Re: Re: hard drive fail
Reply #6 on: April 30, 2012, 01:13:23 AM
If your bios isn't detecting anything then I expect it's the board not the drive itself, hence no clicking etc.

You can usually buy boards online, but make sure you get the exact same serial number board not just a board from the same drive.

I've done it a couple of times and has then worked fine for ages after.. worth a check of ask someone who is selling the same drive on eBay what the serial number is, some list the serial numbers in their ad, otherwise there are several sites that hoard the boards for this reason..

Depends on how much you value the contents obviously :)

QFE

It's more than likely this or your motherboard sata controller has gone wonky.

If it's not being detected, that's not a failed platter issue, that's a I can't talk to the chips on the board issue.

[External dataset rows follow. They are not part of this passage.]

(* Let $n,p,\ell$ be positive integers, $A\in\mathbb{R}^{n\times n}$, $C\in\mathbb{R}^{p\times n}$, $X_0,W\in\mathbb{R}^{n\times n}$ symmetric positive definite, and $V=\operatorname{diag}(\sigma_{v,1}^2,\dots,\sigma_{v,p}^2)$ with all $\sigma_{v,i}>0$. Let $\mathcal{I}=\{1,\dots,p\}$ and, for $\mathcal{S}\subseteq\mathcal{I}$, let $L$, $U_{\mathcal{S}}$, $J(\mathcal{S})$ and $f(\mathcal{S})=J(\emptyset)-J(\mathcal{S})$ be as defined in the context. Define $$\underline{\gamma}:=\frac{\lambda_{\min}(L)}{\lambda_{\max}(L+U_{\mathcal{I}})},\qquad \overline{\alpha}:=1-\frac{\{\lambda_{\min}(L)\}^2}{\{\lambda_{\max}(L+U_{\mathcal{I}})\}^2}.$$ Then $f:2^{\mathcal{I}}\to\mathbb{R}$ is nondecreasing (i.e. $f(\mathcal{S}_1)\le f(\mathcal{S}_2)$ whenever $\mathcal{S}_1\subseteq\mathcal{S}_2\subseteq\mathcal{I}$), and its submodularity ratio $\gamma$ and curvature $\alpha$ satisfy $$\gamma\ge\underline{\gamma}>0,\qquad \alpha\le\overline{\alpha}<1.$$
   Context: Let $\Phi\in\mathbb{R}^{n\ell\times n\ell}$ be the block lower-triangular matrix whose $(i,j)$ block ($i,j=1,\dots,\ell$) is $A^{i-j}$ for $i\ge j$ (with $A^0=I_n$) and $0$ for $i<j$. Let $Z=\operatorname{diag}(X_0,W,\dots,W)$ (block diagonal with $\ell$ blocks) and $L:=Z^{-1}$. For $\mathcal{S}=\{\theta_1<\theta_2<\dots<\theta_s\}\subseteq\mathcal{I}$, the selection matrix $S_{\mathcal{S}}\in\mathbb{R}^{s\times p}$ has $[S_{\mathcal{S}}]_{i,j}=1$ if $j=\theta_i$ and $0$ otherwise; set $G=\{I_\ell\otimes(S_{\mathcal{S}}C)\}\Phi$, $V_{\mathcal{S}}=I_\ell\otimes(S_{\mathcal{S}}VS_{\mathcal{S}}^\top)$ and $U_{\mathcal{S}}:=G^\top V_{\mathcal{S}}^{-1}G$, with the convention $U_\emptyset=0$. (Equivalently $U_{\mathcal{S}}=\sum_{i\in\mathcal{S}}\sigma_{v,i}^{-2}\Phi^\top(I_\ell\otimes C)^\top(I_\ell\otimes I^{(i)})(I_\ell\otimes C)\Phi$, where $I^{(i)}$ is the $p\times p$ matrix with a single $1$ in position $(i,i)$.) Define $J(\mathcal{S}):=\operatorname{tr}[(L+U_{\mathcal{S}})^{-1}]$ (this is the smoothing mean square error over times $0,\dots,\ell-1$ for the system $x_{k+1}=Ax_k+w_k$, $y_k=Cx_k+v_k$ using only outputs indexed by $\mathcal{S}$, with $\mathrm{Cov}[x_0]=X_0$, $\mathrm{Cov}[w_k]=W$, $\mathrm{Cov}[v_k]=V$), and $f(\mathcal{S}):=-J(\mathcal{S})+J(\emptyset)$. $\lambda_{\min},\lambda_{\max}$ denote minimum and maximum eigenvalues. For $\Omega,\mathcal{S}\subseteq\mathcal{I}$ let $\rho_\Omega(\mathcal{S}):=f(\mathcal{S}\cup\Omega)-f(\mathcal{S})$. The submodularity ratio of $f$ is the largest scalar $\gamma$ such that $\sum_{\omega\in\Omega\setminus\mathcal{S}}\rho_{\{\omega\}}(\mathcal{S})\ge\gamma\,\rho_\Omega(\mathcal{S})$ for all $\Omega,\mathcal{S}\subseteq\mathcal{I}$. The curvature of $f$ is the smallest scalar $\alpha$ such that $\rho_{\{j\}}(\mathcal{S}\setminus\{j\}\cup\Omega)\ge(1-\alpha)\rho_{\{j\}}(\mathcal{S}\setminus\{j\})$ for all $\Omega,\mathcal{S}\subseteq\mathcal{I}$ and all $j\in\mathcal{S}\setminus\Omega$. *)

From mathcomp Require Import all_boot all_order all_algebra.
From mathcomp Require Import mxtens.
From mathcomp Require Import reals.
Set Implicit Arguments. Unset Strict Implicit. Unset Printing Implicit Defensive.
Import Order.TTheory GRing.Theory Num.Theory.
Local Open Scope ring_scope.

Sent from my GT-I9000 using Tapatalk 2

Re: hard drive fail
Reply #7 on: April 30, 2012, 08:26:25 AM
thanks for all the tips guys,

It seems there may be a few photos on there I don't have anywhere else, but I've managed to recover the most vital ones from other backups and a few which were still on camera cards so I've got off pretty lightly on the data front. I'm going to take this as a backup wakeup call!

I've checked on the Seagate website and this drive is from the good old days of 5 year warranties so it's covered. If I attempt a fix by swapping out the controller board would that void my warranty? The symptoms certainly appear to match a fried board rather than a platter or head problem, and I'm pretty confident it's not the mobo controller because I've tried the drive on the other channel (which is known good as it still runs the primary drive) with the same result.

The RAID enclosures/NAS boxes are definitely on my list of things to investigate, my machines all dual boot Linux/Windows or Linux only anyway so Linux partitions are not a problem for me (useful knowledge though!)

Re: hard drive fail
Reply #8 on: April 30, 2012, 16:26:50 PM
If you are looking for a server with RAID have a look at the HP Microservers, with cashback they were about £130 with a 250GB HD...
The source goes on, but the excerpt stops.